With the Supreme Court ruling, the legality of Arizona’s verification requirements is settled. Although the ruling does not necessarily give carte blanche to states to regulate immigration compliance however they want to, it undoubtedly provides strong legal basis and even stronger political cover for similar laws across the nation. Presently, more than half of all the states have some type of eligibility verification requirements, and the trend is growing. In the aftermath of Chamber of Commerce v. Whiting, we simply have to expect more states joining the ranks of Arizona and others already with verification laws on the books, and we may even see the state with existing verification requirements using the decision as political leverage to enact even harsher laws with an election coming up.

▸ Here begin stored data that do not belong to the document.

(* Assume the standing hypotheses described in the context. Take $t,\varepsilon,\theta\ge0$ and $x\in C$ such that \[\|x-x_0\|\le t<\bar t,\qquad \|F'(x_0)^{-1}F(x)\|\le f(t)+\varepsilon,\qquad t-(1+\theta)\frac{f(t)+\varepsilon}{f'(t)}<R.\] If $y\in\mathbb X$ and $\|F'(x_0)^{-1}[F(x)+F'(x)(y-x)]\|\le\theta\|F'(x_0)^{-1}F(x)\|$, then (1) $\|y-x\|\le-(1+\theta)\frac{f(t)+\varepsilon}{f'(t)}$; (2) $\|y-x_0\|\le t-(1+\theta)\frac{f(t)+\varepsilon}{f'(t)}<R$; (3) $\|F'(x_0)^{-1}F(y)\|\le f\Big(t-(1+\theta)\frac{f(t)+\varepsilon}{f'(t)}\Big)+\varepsilon+2\theta(f(t)+\varepsilon)$.
   Context: Standing hypotheses: $\mathbb X,\mathbb Y$ are Banach spaces; $B(x,r)$ is the open ball. $R\in\mathbb R$, $C\subseteq\mathbb X$, $F:C\to\mathbb Y$ is continuous and continuously differentiable on $\mathrm{int}(C)$, $x_0\in\mathrm{int}(C)$ with $F'(x_0)$ non-singular, $f:[0,R)\to\mathbb R$ is continuously differentiable, $B(x_0,R)\subseteq C$, $\|F'(x_0)^{-1}[F'(y)-F'(x)]\|\le f'(\|y-x\|+\|x-x_0\|)-f'(\|x-x_0\|)$ for all $x,y\in B(x_0,R)$ with $\|x-x_0\|+\|y-x\|<R$, $\|F'(x_0)^{-1}F(x_0)\|\le f(0)$, and (h1) $f(0)>0$, $f'(0)=-1$; (h2) $f'$ is strictly increasing and convex; (h3) $f(t)<0$ for some $t\in(0,R)$. Notation: $\bar t:=\sup\{t\in[0,R):f'(t)<0\}$. *)

From HB Require Import structures.
From mathcomp Require Import all_boot all_order all_algebra.
From mathcomp Require Import all_classical all_reals all_analysis.
Set Implicit Arguments. Unset Strict Implicit. Unset Printing Implicit Defensive.
Import Order.TTheory GRing.Theory Num.Theory.
Import numFieldNormedType.Exports.
Local Open Scope classical_set_scope.
Local Open Scope ring_scope.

As such, what is not settled is how employers that do business in multiple states will have to manage a compliance program that satisfies all the different rules. Colorado, for example, has separate paperwork requirements in addition to the I-9. South Carolina has its own process, too, mandating that employers use E-Verify. If they don’t, then newly hired employees must have a valid South Carolina license or a license from another state with equally stringent anti-fraud measures. The result is that South Carolina would deny employment in its state even though a worker is employment-authorized under federal immigration law. The most glaring example of federal-state conflict was Florida, where, until this week, the governor’s executive order actually had required state contractors to use E-Verify on current employees, a practice prohibited by federal law unless the employer is a qualified federal contractor. Fortunately, after the business community voiced grave concerns about the “Catch-22” for several months, the governor reconciled that federal-state conflict. In addition, a myriad of unanswered questions, such as whether a state law reaches employees outside of the states’ boundaries, continue to confuse employers.

Employers need to do two things – First, understand that state requirements are here to stay, at least for awhile. Work with your in-house or outside immigration counsel to make sure that your compliance program addresses various state as well as federal requirements. Second, recognizing that the Supreme Court’s decision is based on “statutory construction” – meaning the justices interpreted Arizona’s law to be within the bounds of federal statute and therefore not preempted – employers should advocate stronger preemption language in federal law by voicing their concerns to members of Congress.

The Supreme Court has opened the floodgate to even more state action. We have to convince the Congress of the United States to restore some sanity to the process with stronger and clearer preemption law. At the same time, we must be prepared to comply with various and inconsistent requirements in multiple jurisdictions.